London is an innovative powerhouse. The city holds a population of more than eight million and boasts an economy that’s roughly the same size as Sweden’s. It’s a leading centre for business, finance, creative industries, education and technology. It’s a place that attracts people from all over the world.
Will those people, essential to London’s distinctiveness and creative output, find the city appealing once Britain is outside the world’s largest political union? Will London still be a pioneering place of ideas?
“London today has many of the same attributes that made Renaissance Florence so successful 600 years ago,” says Michaël Bikard, Assistant Professor of Strategy and Entrepreneurship at London Business School (LBS).
The Italian city-state generated an abundance of new ideas and art. It was a wealthy trading centre, a magnet for merchants, artists, scientists and financiers.
“When you bring together people from different backgrounds,” Dr Bikard explains, “ideas are recombined in new ways: you discover new things. The recombination of ideas, such as finance and technology, can form entire new industries, like fintech.”
London benefits from different people sharing their skills, knowledge and social networks: new thinking emerges across industries, sectors, fields. What’s more, this diverse web of people can filter out bad ideas before they develop. Creatively, “good things can happen” because of freedom of movement within the EU, says Dr Bikard.
If Brexit limits this, Dr Bikard says companies will have to find ways to compensate: “One of the reasons recombination works in hubs is it’s cheap to mingle and meet new people in London. Borders can increase the cost.”
Not only do hubs foster creativity, they also amplify the dissemination of new ideas. Dr Bikard’s research with Matt Marx of MIT Sloan School of Management looks at what happens when multiple researchers in different locations publish “twin” papers – or simultaneous discoveries. They find people are more familiar with ideas that come from hubs. The easy flow of people in and out of London is, therefore, likely to increase the global impact of local ideas: “Ideas travel with people,” states Dr Bikard.
“It's hard to isolate different pieces of the Brexit effect,” says Keyvan Vakili, Assistant Professor, Strategy and Entrepreneurship at LBS. “But if I only think about innovation, there are three common inputs: talent, money, ideas.
“Creative people are among the most mobile talent pool in the world. It’s part of their training to talk to people and get close to the source of ideas.”

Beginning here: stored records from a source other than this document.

Lemma compact_self_adjoint_eigenvector (B : {linear H -> H}) (M N : set H) :
  continuous B -> self_adjoint ip B -> compact_on M B ->
  closed_subspace N -> N `<=` M -> is_invariant N B -> (exists2 v0, N v0 & v0 != 0) ->
  exists v lam, [/\ N v, v != 0 & B v = lam *: v].
Proof.
move=> cB sB cBM Ns NM NB [v0 Nv0 v00].
have [s [s0 Bs s_sup]] := exists_op_rnorm_on cB Ns.
have [s_eq0|s_neq0] := eqVneq s 0.
  exists v0, 0; split => //; rewrite scale0r; apply: (rnorm_small_eq0 ltr01) => e e0.
  by rewrite mul1r (le_trans (Bs _ Nv0)) // s_eq0 mul0r ltW.
have s_gt0 : 0 < s by rewrite lt_def s_neq0 s0.
have [u [Nu u0 BBu]] :=
  compact_self_adjoint_sqr_eigenvector cB sB cBM Ns NM NB s_gt0 Bs s_sup.
by apply: (eigenvector_of_sqr (c := s%:C) Ns NB Nu u0); rewrite -rmorphXn.
Qed.

End Eigenvector.

Section Resolvent.
Variables (R : realType) (H : completeNormedModType R[i]).

Lemma resolvent_on_eq0 (N : set H) (T : H -> H) (lam : R[i]) (x : H) :
  N 0 -> resolvent_on N T lam -> N x -> lam *: x - T x = 0 -> x = 0.
Proof.
move=> N0 [S [_ [SD _ _ SK _]]] Nx x_ker.
have S0 : S 0 = 0.
  by have := SD 0 0 N0 N0; rewrite addr0 -{1}[S 0]addr0 => /addrI <-.
by rewrite -(SK x Nx) x_ker S0.
Qed.

Lemma eigenvalue_spectrum_on (N : set H) (T : H -> H) (lam : R[i]) (v : H) :
  N 0 -> N v -> v != 0 -> T v = lam *: v -> spectrum_on N T lam.
Proof.
move=> N0 Nv v0 Tv res; move/eqP: v0; apply.
by apply: (resolvent_on_eq0 N0 res Nv); rewrite Tv subrr.
Qed.

End Resolvent.

Section Sylvester.
Variables (R : realType) (H : completeNormedModType R[i]) (ip : H -> H -> R[i]).
Hypothesis ipP : is_inner_product ip.
Variables (A D : {linear H -> H}) (B C : H -> H) (M : set H).
Hypotheses (Ms : closed_subspace M) (MA : is_invariant M A) (MC : is_invariant M C).
Hypothesis sylvester : forall x, A (D x) - D (B x) = C x.

Lemma sylvester_invariant_preimage :
  is_invariant M B -> is_invariant (M `&` D @^-1` M) B.
Proof.
move=> MB v [Mv MDv]; split; first exact: MB.
rewrite /preimage /=; have -> : D (B v) = A (D v) - C v by rewrite -sylvester opprB addrC subrK.
by apply: subspaceB => //; [apply: MA | apply: MC].
Qed.

(* Write [D v = m + w] with [m] in [M] and [w] orthogonal to [M]: then
   [(lam - A) w] lies both in [M] and in [M^perp], so it vanishes. *)
Lemma sylvester_eigenvector_invariant (v : H) (lam : R[i]) :
  self_adjoint ip A -> resolvent_on (orth ip M) A lam ->
  M v -> B v = lam *: v -> M (D v).
Proof.
move=> sA res Mv Bv; have [m Mm w_orth] := orth_proj_exists ipP (D v) Ms.
set w := D v - m in w_orth.
have w_img : A w - lam *: w = C v - (A m - lam *: m).
  have DBv : D (B v) = lam *: D v by rewrite Bv linearZ.
  by rewrite -sylvester DBv /w (raddfB A) scalerBr opprD addrACA -opprD.
have w_ker : lam *: w - A w = 0.
  rewrite -opprB; apply/eqP; rewrite oppr_eq0; apply/eqP.
  apply: (orth_eq0 ipP (S := M)).
    rewrite w_img; apply: (subspaceB Ms); first exact: MC.
    by apply: (subspaceB Ms); [apply: MA | apply: (subspaceZ Ms)].
  apply: (subspaceB (closed_subspace_orth ipP M)); first exact: (orth_invariant sA MA).
  exact: (subspaceZ (closed_subspace_orth ipP M)).
have w0 : w = 0.
  exact: resolvent_on_eq0 (subspace0 (closed_subspace_orth ipP M)) res w_orth w_ker.
by rewrite -[D v](subrK m) -/w w0 add0r.
Qed.

End Sylvester.

Theorem lemma2p2 (R : realType) (H : completeNormedModType R[i])
  (ip : H -> H -> R[i]) (A B C D : {linear H -> H}) (M : set H) :
  is_inner_product ip ->
  bounded_op A -> bounded_op B -> bounded_op C -> bounded_op D ->
  self_adjoint ip A -> self_adjoint ip B ->
  closed_subspace M ->
  is_invariant M A -> is_invariant M B -> is_invariant M C ->
  spectrum_on (orth ip M) A `&` spectrum_on M B = set0 ->
  compact_on M B ->
  (forall x, A (D x) - D (B x) = C x) ->
  is_invariant M D.
Proof.
move=> ipP _ cB _ cD sA sB Ms MA MB MC spec_disj cBM sylvester x Mx.
pose K := M `&` D @^-1` M.
have Ks : closed_subspace K := closed_subspaceI Ms (closed_subspace_preimage cD Ms).
have KB : is_invariant K B := sylvester_invariant_preimage Ms MA MC sylvester MB.
pose N := M `&` orth ip K.
have Ns : closed_subspace N := closed_subspaceI Ms (closed_subspace_orth ipP K).
have NB : is_invariant N B := is_invariantI MB (orth_invariant sB KB).
apply: contrapT => NDx.
have [k Kk xk_orth] := orth_proj_exists ipP x Ks.
have N_nontrivial : exists2 v0, N v0 & v0 != 0.
  exists (x - k); first by split => //; apply: (subspaceB Ms Mx); case: Kk.
  by apply/eqP => /subr0_eq xk; apply: NDx; rewrite xk; case: Kk.
have [v [lam [[Mv Kv_orth] v0 Bv]]] :=
  compact_self_adjoint_eigenvector ipP cB sB cBM Ns (fun _ => @proj1 _ _) NB N_nontrivial.
have res : resolvent_on (orth ip M) A lam.
  apply: contrapT => spec_A; suff : set0 lam by [].
  by rewrite -spec_disj; split => //; apply: eigenvalue_spectrum_on (subspace0 Ms) Mv v0 Bv.
have MDv := sylvester_eigenvector_invariant ipP Ms MA MC sylvester sA res Mv Bv.
by move/eqP: v0; apply; apply: (orth_eq0 ipP (S := K) (conj Mv MDv) Kv_orth).
Qed.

The second input to innovation is money. “That's a question for government,” says Dr Vakili. “For example, are they willing to contribute to research inside the UK as much as the EU?”
Third is ideas and knowledge. New ideas often are past ideas recombined. Exposure to diverse ideas and knowledge usually helps to generate higher levels of creativity.In reverse, a decline in the flow and diversity of talent may lead to less exposure to diverse ideas and therefore fewer novel ideas. However, there are ways businesses may be able to compensate for the Brexit effect.
Two ways to weather Brexit
1. Connect to other hubs
Companies can connect to other creative hubs – San Francisco, Berlin, Tel Aviv – to compensate for potentially lower rates of creative mixing in the UK. Berlin beckoned entrepreneurs last year when a German political party sponsored a van to drive around east London with the message “Dear start-ups, keep calm and move to Berlin”. Other cities will likely be just as welcoming.
Maybe businesses will set up subsidiaries in other key cities. Or connect virtually to talent. Creativity is not physically bound, so businesses could invest in enabling people or researchers to travel more regularly to and from London. Organisations will calculate whether the creative payoff is worth the costs.
2. Go niche, if you can
While recombining knowledge from different domains or industries is key to generating novel ideas, being a specialist can be more important in some fields. But the conditions are specific: “You have to be in a fast-moving industry. You have to be leading the way,” says Dr Bikard. For instance, computer scientists working in ‘deep learning’, a form of machine learning used by the likes Amazon and Netflix to decide what you want to buy or watch, may not see an immediate impact from Brexit.
Dr Vakili says: “Going niche at an early innovation stage can help a company survive. But then you need complementary resources, customers and a market to turn creativity into a viable product.”
So while developing high levels of expertise in narrow, important niches can be a superior strategy in fast-moving industries, it’s not necessarily a sustainable one. Companies operating in the UK still need to develop the tools for engaging in innovation for the long run.
Other creative cities might be rubbing their hands in glee, but the Londons and Silicon Valleys of this world are tough to recreate. They might have common traits, but they also have an ‘x’ factor.
“Creative hubs need smart people to make mixing possible, so they need the right institutions, like universities. They also need capital. But there are lots of places in the world that have smart people and money that don’t cut it,” says Dr Bikard.
This is how Silicon Valley became a creative superpower in IT in the 1990s while Boston didn’t: both had innovators and money in scores, but Silicon Valley also had informal networks in the tech sector. People operating in creative hubs are defined by their “willingness to take risks and learn from each other’s innovations and mistakes”, says Dr Bikard. “This,” he observes, “is the beauty of London right now.”
London will need all the ingenuity for which it’s famous to counter the impact of new borders on creativity.